Hyperparameter subsample is tuned as categorical, but all values are numeric
Hyperparameter colsample_bytree is tuned as categorical, but all values are numeric
Hyperparameter max_depth is tuned as categorical, but all values are numeric


# Comparison
## Bayesian Search vs Random Search vs Grid Search

- In terms of Bayesian search the lowest and highest accuracy achieved was 0.5 and 0.7778 respectively.
- In terms of Random search the lowest and highest accuracy achieved was 0.713 and 0.7781 respectively.
- In terms of Grid search the lowest and highest accuracy achieved was 0.7267 and 0.7745 respectively.
- Suprisingly it was noticed for grid search and random search that as the time passed the accuracy decreased gradually, but this was not the case for Bayesian search. For bayesian search it was noticed that after .28 time there was sudden drop in accuracy to 0.5 from 0.77.
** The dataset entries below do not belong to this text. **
Lemma eq0_mulrnS (x : A) k : x *+ k.+1 = 0 -> x = 0.
Proof.
move=> xk0; have : (k.+1%:R^-1 : rat) *: (x *+ k.+1) = 0 by rewrite xk0 scaler0.
by rewrite -scaler_nat scalerA mulVf ?pnatr_eq0 // scale1r.
Qed.

Lemma agree_ode n g y z : y`_0 = z`_0 ->
  agree n.-1 y^`() (g * y) -> agree n.-1 z^`() (g * z) -> agree n y z.
Proof.
move=> yz0 y' z'; apply/agreeE.
have d' : agree n.-1 (y - z)^`() (g * (y - z)).
  by rewrite derivB mulrBr; apply: agreeB.
suff yz_vanish m : (m <= n)%N -> vanish m (y - z) by apply: yz_vanish.
elim: m => [|m IHm] le_mn k; first by [].
have {}IHm := IHm (ltnW le_mn).
rewrite ltnS leq_eqVlt => /orP[/eqP->|]; last exact: IHm.
case: m IHm le_mn => [|m] IHm le_mn; first by rewrite coefB yz0 subrr.
apply: (@eq0_mulrnS _ m); rewrite -coef_deriv d'; last by lia.
by apply: (vanishMl _ IHm).
Qed.

Definition exp_trunc (N : nat) p := \sum_(j < N.+1) ratC (j`!%:R^-1) * p ^+ j.

Lemma exp_trunc0 N : exp_trunc N 0 = 1.
Proof.
rewrite /exp_trunc big_ord_recl big1 => [|j _]; last by rewrite expr0n mulr0.
by rewrite expr0 invr1 rmorph1 mulr1 addr0.
Qed.

Lemma coef0_exp_trunc N p : vanish 1 p -> (exp_trunc N p)`_0 = 1.
Proof.
move=> p0; rewrite coef_sum big_ord_recl big1 => [|j _]; last first.
  by rewrite coef_ratCM (vanishX (k := j.+1) p0) ?scaler0.
by rewrite coef_ratCM expr0 coef1 invr1 scale1r addr0.
Qed.

Lemma agree_exp_trunc n N p q :
  agree n p q -> agree n (exp_trunc N p) (exp_trunc N q).
Proof. by move=> pq; apply: agree_sum => j; apply/agreeM/agreeX. Qed.

Lemma deriv_exp_trunc N p : (exp_trunc N.+1 p)^`() = p^`() * exp_trunc N p.
Proof.
rewrite /exp_trunc (big_morph _ (@derivD _) (deriv0 _)) big_ord_recl.
rewrite deriv_ratCM derivC mulr0 add0r big_distrr.
apply: eq_bigr => j _; rewrite lift0 deriv_ratCM deriv_exp ratCM_mulrn mulrCA.
congr (_ * (ratC _ * _)).
by rewrite factS natrM invfM mulrAC mulVf ?mul1r ?pnatr_eq0.
Qed.

Lemma exp_truncS N p v : vanish v p ->
  agree (v * N.+1) (exp_trunc N.+1 p) (exp_trunc N p).
Proof.
move=> p0; rewrite /exp_trunc [X in agree _ X _]big_ord_recr.
by apply: agreeDr => //; apply/vanishMl/vanishX.
Qed.

Lemma exp_trunc_ode N v p : (0 < v)%N -> vanish v p ->
  agree (N.+1 * v).-1 (exp_trunc N p)^`() (p^`() * exp_trunc N p).
Proof.
move=> v_gt0 p0; case: N => [|N].
  rewrite /exp_trunc big_ord1 expr0 fact0 invr1 rmorph1 !mulr1 derivC mul1n.
  by apply/agree_sym/agreeE; rewrite subr0; apply: vanish_deriv.
rewrite deriv_exp_trunc.
have := agreeMl (vanish_deriv p0) (agree_sym (exp_truncS (N := N) p0)).
by apply: agreeW; nia.
Qed.

Lemma exp_truncD N v p q : (0 < v)%N -> vanish v p -> vanish v q ->
  agree (N.+1 * v) (exp_trunc N p * exp_trunc N q) (exp_trunc N (p + q)).
Proof.
move=> v_gt0 p0 q0; have pq0 := vanishD p0 q0.
have vanish1 (r : {poly A}) : vanish v r -> vanish 1 r := vanishW v_gt0.
apply: (agree_ode (g := (p + q)^`())).
- by rewrite coef0M !coef0_exp_trunc ?mulr1 //; apply: vanish1.
- rewrite derivM derivD mulrDl mulrA [q^`() * _]mulrCA.
  apply: agreeD; apply: agreeM => //; exact: exp_trunc_ode.
- exact: exp_trunc_ode.
Qed.

Lemma exp_trunc_sum N v n (Y : 'I_n -> {poly A}) : (0 < v)%N ->
  (forall k, vanish v (Y k)) ->
  agree (N.+1 * v) (\prod_k exp_trunc N (Y k)) (exp_trunc N (\sum_k Y k)).
Proof.
move=> v_gt0; elim: n Y => [|n IHn] Y Y0; first by rewrite !big_ord0 exp_trunc0.
rewrite !big_ord_recr /=; apply: agree_trans (agreeM (IHn _ _) _) _ => //.
by apply: exp_truncD => //; apply: vanish_sum.
Qed.

Lemma exp_trunc_monomial N c :
  agree N.+2 (exp_trunc N.+1 (c%:P * 'X^(N.+1))) (1 + c%:P * 'X^(N.+1)).
Proof.
rewrite /exp_trunc !big_ord_recl expr0 expr1 !invr1 !rmorph1 !mul1r addrA.
apply: agreeDr => //; apply: vanish_sum => j; apply: vanishMl.
by apply: vanishW (vanishX (k := j.+2) (vanishCX c (leqnn N.+1))); nia.
Qed.

Definition log1p_trunc (N : nat) p :=
  \sum_(s < N) ratC ((-1) ^+ s / s.+1%:R) * p ^+ s.+1.

Lemma deriv_log1p_trunc N p :
  (log1p_trunc N p)^`() = p^`() * \sum_(s < N) (- p) ^+ s.
Proof.
rewrite (big_morph _ (@derivD _) (deriv0 _)) big_distrr; apply: eq_bigr => s _.
rewrite deriv_ratCM deriv_exp ratCM_mulrn divfK ?pnatr_eq0 //.
by rewrite rmorphXn rmorphN1 [(- p) ^+ _]exprNn mulrCA.
Qed.

Lemma vanish_log1p_trunc N p : vanish 1 p -> vanish 1 (log1p_trunc N p).
Proof.
move=> p0; apply: vanish_sum => s; apply: vanishMl.
by apply: vanishW (vanishX (k := s.+1) p0); rewrite mul1n.
Qed.

Lemma exp_log1p_trunc N p : vanish 1 p ->
  agree N.+1 (exp_trunc N (log1p_trunc N p)) (1 + p).
Proof.
move=> p0; have log0 := vanish_log1p_trunc N p0.
apply: (agree_ode (g := (log1p_trunc N p)^`())).
- by rewrite coef0_exp_trunc // coefD coef1 p0 ?addr0.
- by have := exp_trunc_ode (N := N) (ltn0Sn 0) log0; rewrite muln1.
rewrite derivD derivC add0r deriv_log1p_trunc -mulrA.
have geom : (\sum_(s < N) (- p) ^+ s) * (1 + p) = 1 - (- p) ^+ N.
  by rewrite -opprB -[1 + p]opprK opprD addrC mulrN mulrC -subrX1 opprB.
rewrite geom mulrBr mulr1; apply/agree_sym/agreeDr => //.
apply/vanishN/vanishMl.
by apply: vanishW (vanishX (k := N) (vanishN p0)); rewrite mul1n.
Qed.

End TruncatedExpLog.

Arguments ratC {A}.

Lemma eqn_mulnD_small (M x y x' y' : nat) : (y < M)%N -> (y' < M)%N ->
  (M * x + y == M * x' + y')%N = (x == x') && (y == y').
Proof.
move=> lt_yM lt_y'M; apply/eqP/andP => [E|[/eqP-> /eqP->]] //.
have M_gt0 : (0 < M)%N by apply: leq_ltn_trans lt_yM.
rewrite ![(M * _)%N]mulnC in E; split; apply/eqP.
  by have := congr1 (divn^~ M) E; rewrite /= !divnMDl // !divn_small ?addn0.
by have := congr1 (modn^~ M) E; rewrite /= !modnMDl !modn_small.
Qed.

Section Multinomial.
Variable A : comAlgType rat.
Implicit Types (X : nat -> A) (L : {poly A}).

Definition gen_poly (n : nat) X : {poly A} := \sum_(k < n) (X k.+1)%:P * 'X^(k.+1).

Lemma coef_gen_poly n X m : (gen_poly n X)`_m = if (0 < m <= n)%N then X m else 0.
Proof.
rewrite coef_sum; under eq_bigr => k _ do rewrite coefCM coefXn mulr_natr mulrb.
case: m => [|m]; first by rewrite big1.
under eq_bigr => k _ do rewrite eqSS eq_sym.
by rewrite -big_mkcond; apply: (big_ord1_eq _ (fun j => X j.+1)).
Qed.
(* Let $b,c\in Z^{10}$ with $\sum_i b_i=\sum_i c_i=0$. Suppose there are distinct odd indices $i_1,i_2,i_3\in\{1,3,5,7,9\}$ such that $t\nmid B_{i_l}$ for $l=1,2,3$ and $t\mid B_i$ for the two remaining odd $i$, and distinct odd indices $j_1,j_2,j_3$ such that $t\nmid C_{j_l}$ for $l=1,2,3$ and $t\mid C_j$ for the two remaining odd $j$. Then $\mathbb{M}(b)\cong\mathbb{M}(c)$ as $B_{5,10}$-modules if and only if $\{i_1,i_2,i_3\}=\{j_1,j_2,j_3\}$.
   Context: Let $Z=\mathbb{C}[[t]]$. Let $\Gamma_{10}$ be the quiver with vertices $0,1,\dots,9$ (indices taken mod $10$) on a cycle and arrows $x_i\colon i-1\to i$, $y_i\colon i\to i-1$ for $i=1,\dots,10$. Let $B_{5,10}$ be the completed path algebra of $\Gamma_{10}$ modulo the closed ideal generated by $xy=yx$ and $x^5=y^5$ at every vertex. For $b=(b_1,\dots,b_{10})\in Z^{10}$ with $\sum_i b_i=0$, the $B_{5,10}$-module $\mathbb{M}(b)$ has $V_i=Z\oplus Z$ at every vertex, and for odd $j$: $x_j=\begin{pmatrix} t& b_j\\ 0&1\end{pmatrix}$, $y_j=\begin{pmatrix} 1&-b_j\\0&t\end{pmatrix}$; for even $j$: $x_j=\begin{pmatrix}1&b_j\\0&t\end{pmatrix}$, $y_j=\begin{pmatrix}t&-b_j\\0&1\end{pmatrix}$. An isomorphism $\mathbb{M}(b)\to\mathbb{M}(c)$ is a family of invertible $Z$-linear maps $\varphi_i\colon Z^2\to Z^2$ commuting with all $x_i$ and $y_i$. For odd $i$ write $B_i=b_i+b_{i+1}$ and $C_i=c_i+c_{i+1}$ (indices mod $10$). *)

From mathcomp Require Import all_boot all_algebra.
From mathcomp Require Import complex.
From mathcomp Require Import Rstruct.

Set Implicit Arguments.
Unset Strict Implicit.
Unset Printing Implicit Defensive.
Import GRing.Theory.
Local Open Scope ring_scope.

Definition CC : fieldType := Rdefinitions.R[i].

(* Formal power series Z = K[[t]]: a series is its coefficient sequence. *)
Definition ps (K : fieldType) := nat -> K.

Definition ps0 {K : fieldType} : ps K := fun _ => 0.
Definition ps1 {K : fieldType} : ps K := fun n => if n == 0%N then 1 else 0.
Definition ps_t {K : fieldType} : ps K := fun n => if n == 1%N then 1 else 0.
Definition ps_add {K : fieldType} (f g : ps K) : ps K := fun n => f n + g n.
Definition ps_opp {K : fieldType} (f : ps K) : ps K := fun n => - f n.
Definition ps_mul {K : fieldType} (f g : ps K) : ps K :=
  fun n => \sum_(i < n.+1) f i * g (n - i)%N.
Definition ps_dvd {K : fieldType} (a f : ps K) : Prop := exists g, f = ps_mul a g.

(* 2x2 matrices over Z, i.e. Z-linear maps Z^2 -> Z^2 (acting on columns). *)
Definition mk2 {K : fieldType} (a b c d : ps K) : 'M[ps K]_2 :=
  \matrix_(i < 2, j < 2)
    if i == ord0 then (if j == ord0 then a else b) else (if j == ord0 then c else d).
Definition mx1 {K : fieldType} : 'M[ps K]_2 := mk2 ps1 ps0 ps0 ps1.
Definition mx_mul {K : fieldType} (A B : 'M[ps K]_2) : 'M[ps K]_2 :=
  \matrix_(i < 2, j < 2)
    ps_add (ps_mul (A i ord0) (B ord0 j)) (ps_mul (A i ord_max) (B ord_max j)).
Definition mx_invertible {K : fieldType} (A : 'M[ps K]_2) : Prop :=
  exists B, mx_mul B A = mx1 /\ mx_mul A B = mx1.

(* The module M(b): b j for j = 1..10 are the parameters b_1..b_10.
   Arrow x_j : (j-1) -> (j mod 10), y_j : (j mod 10) -> (j-1). *)
Definition xmap {K : fieldType} (b : nat -> ps K) (j : nat) : 'M[ps K]_2 :=
  if odd j then mk2 ps_t (b j) ps0 ps1 else mk2 ps1 (b j) ps0 ps_t.
Definition ymap {K : fieldType} (b : nat -> ps K) (j : nat) : 'M[ps K]_2 :=
  if odd j then mk2 ps1 (ps_opp (b j)) ps0 ps_t
  else mk2 ps_t (ps_opp (b j)) ps0 ps1.

(* M(b) ~= M(c): a family phi_v (v = 0..9) of invertible Z-linear maps
   commuting with all x_j and y_j (j = 1..10). *)
Definition Miso {K : fieldType} (b c : nat -> ps K) : Prop :=
  exists phi : nat -> 'M[ps K]_2,
    (forall v, (v < 10)%N -> mx_invertible (phi v)) /\
    (forall j, (1 <= j <= 10)%N ->
       mx_mul (phi (j %% 10)%N) (xmap b j) = mx_mul (xmap c j) (phi j.-1) /\
       mx_mul (phi j.-1) (ymap b j) = mx_mul (ymap c j) (phi (j %% 10)%N)).

(* B_i = b_i + b_{i+1} for odd i in {1,3,5,7,9} (no wrap-around needed) *)
Definition Bsum {K : fieldType} (b : nat -> ps K) (i : nat) : ps K :=
  ps_add (b i) (b i.+1).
### Among the three startegies, I found random searche to be more relevant in terms of accuracy when compared to Grid and Bayesian Search. 

## Deploy the best model (Optional)
Now that we have got the best model, we can deploy it to an endpoint. Please refer to other SageMaker sample notebooks or SageMaker documentation to see how to deploy a model.